Note: See [1] for the ITIL terms used in this entry.
Note: Though I am only referring to Incident Management in this blog, it is also applicable to Problem Management, even though it is a separate process under ITIL. I am doing it so as to keep this blog short. While Incident Management is responsible for the fix or workaround, ultimately it is the Problem Management that performs the root cause analysis for chronic Incidents and provides a permanent solution.
“The Process responsible for managing the Lifecycle of all Incidents. The primary Objective of Incident Management is to return the IT Service to Users as quickly as possible.”
An Incident is defined as any event which is not part of the standard operation of a service and which causes, or may cause, an interruption to, or a reduction in, the quality of service. A simplified Incident Management work flow is provided in the figure below.

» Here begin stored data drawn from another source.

Lemma erlang_cvg0 a n : 0 < a -> erlang a n t @[t --> +oo] --> 0.
Proof.
move=> a0; pose c := n.+1%:R / a ^+ n.+1.
apply: (@squeeze_cvgr _ _ _ _ (fun=> 0) (fun t => c * t^-1)).
- near=> t; have t0 : 0 < t by near: t; exact: nbhs_pinfty_gt.
  rewrite erlang_le // andbT /erlang /decay.
  by rewrite mulr_ge0 ?expR_ge0 // divr_ge0 ?exprn_ge0 ?ltW.
- exact: cvg_cst.
- by rewrite -(mulr0 c); apply: cvgMl_tmp; exact: inv_cvgy.
Unshelve. all: by end_near. Qed.

Lemma erlang_int_cvg a n : 0 < a ->
  erlang_int a n t @[t --> +oo] --> (a ^+ n.+1)^-1.
Proof.
move=> a0; elim: n => [|m IH] /=.
  have decay0 : decay a t @[t --> +oo] --> 0.
    by move: (erlang_cvg0 a 0 a0); under eq_cvg do rewrite /erlang expr0 fact0 divr1 mulr1.
  suff : (1 - decay a t) / a @[t --> +oo] --> (1 - 0) / a.
    by rewrite subr0 mul1r expr1.
  by apply: (cvgMr_tmp (b := a^-1) (cvgB (cvg_cst (1 : R)) decay0)).
suff : (erlang_int a m t - erlang a m.+1 t) / a @[t --> +oo] -->
    ((a ^+ m.+1)^-1 - 0) / a.
  by rewrite subr0 -invfM -exprSr.
by apply: (cvgMr_tmp (b := a^-1) (cvgB IH (erlang_cvg0 a m.+1 a0))).
Qed.

(* Uniqueness for f' = -a f: the solution with f(0) = 0 is zero, since
   f e^{at} has zero derivative. *)
Lemma linear_ode_zero a (f : R -> R) :
  (forall t, is_derive t (1 : R) f (- a * f t)) -> f 0 = 0 -> forall t, f t = 0.
Proof.
move=> f' f0 t.
have const : forall s : R, is_derive s (1 : R) (f * decay (- a)) 0.
  move=> s; apply: is_derive_eq (is_deriveM (f' s) (decay_derive (- a) s)) _.
  by rewrite /GRing.scale /=; ring.
have := is_derive_0_is_cst t 0 const.
change (f t * decay (- a) t = f 0 * decay (- a) 0 -> f t = 0).
rewrite f0 mul0r => /eqP; rewrite mulf_eq0 => /orP [/eqP //|].
by rewrite /decay gt_eqF // expR_gt0.
Qed.

End ErlangFunctions.

Section PascalKernel.
Context {R : realType}.
(* F_2-linear map between F_2-spaces (in characteristic 2, additivity). *)
Definition additive_map (U V : zmodType) (phi : U -> V) : Prop :=
  forall u v, phi (u + v) = phi u + phi v.

Definition MMfun (L : fieldType) (N : nat) (pi' : L -> L) (g : L -> bool)
  (w : L * L) : bool := trb N (w.1 * pi' w.2) (+) g w.2.

Definition isMM (L : fieldType) (N : nat) (h : L * L -> bool) : Prop :=
  exists (pi' : L -> L) (g : L -> bool), bijective pi' /\ h =1 MMfun N pi' g.

(* MM#: f on the 2N-dimensional F_2-space V is in MM# if, after some F_2-linear
   identification phi : V -> L x L (L = F_{2^N}), the function f o phi^-1 is
   EA-equivalent to an MM function h, i.e.
   (f o phi^-1)(w) = h(A w + a) + <c,w> + b with A a linear permutation. *)
Definition inMMsharp (V : zmodType) (L : fieldType) (N : nat) (f : V -> bool)
  : Prop :=
  exists phi : V -> L * L, additive_map phi /\ bijective phi /\
  exists h : L * L -> bool, isMM N h /\
  exists (A : L * L -> L * L) (a c : L * L) (b : bool),
    additive_map A /\ bijective A /\
    forall v : V, f v = h (A (phi v) + a) (+) ip2 N c (phi v) (+) b.

Definition fz (F K : finFieldType) (m k : nat) (pi : F -> F) (z : K)
  (w : F * F) : bool :=
  if tr k z == 0 then trb m (w.1 * pi w.2) else trb m (w.2 * pi w.1).

Definition fthm (F K : finFieldType) (m k : nat) (pi : F -> F)
  (v : F * F * K * K) : bool :=
  fz m k pi v.2 v.1.1 (+) trb k (v.1.2 * v.2).

(* f is GMM because each slice f^(z) is, possibly after swapping x1 and x2,
   the Maiorana-McFarland function Tr(x1 pi(x2)), which is bent.

   Every function of MM# admits an (m+k)-dimensional subspace of directions
   along which all its second-order derivatives vanish: the preimage of
   F_{2^(m+k)} x 0 under the linear identification.  For f, restricting to the
   slices Tr(z) = 0 and Tr(z) = 1 and applying Property (P) to both coordinate
   orders shows that two such directions with zero (y,z)-part have equal or
   zero (x1,x2)-part.  Hence the subspace is at most 2-to-1 over its
   (y,z)-projection, so 2^(m+k) <= 2 * 2^(2k), which contradicts m > k + 2. *)

From HB Require Import structures.
From mathcomp Require Import all_boot all_order all_algebra all_field.
From mathcomp Require Import zify ring.
Set Implicit Arguments. Unset Strict Implicit. Unset Printing Implicit Defensive.
Import Order.TTheory GRing.Theory Num.Theory.
Local Open Scope ring_scope.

When an Incident is reported to the Service Desk, it attempts to resolve it by consulting the Known Error Database and the CMDB. If it is unsuccessful the Incident is classified and transferred to the Incident Management. Incident Management typically consists of first line support specialists who can resolve most of the common Incidents. When they are unable to do so, they will quickly escalate it to the second line support team and the process continues until the Incident is resolved. As per its charter, Incident Management tries to find a quick resolution to the Incident so that the Service degradation or downtime is minimized.
So why is it hard
There are several factors that make Incident Management one of the most difficult and expensive of all the ITIL processes. By no means, this is an exhaustive list. Please feel free to add to it.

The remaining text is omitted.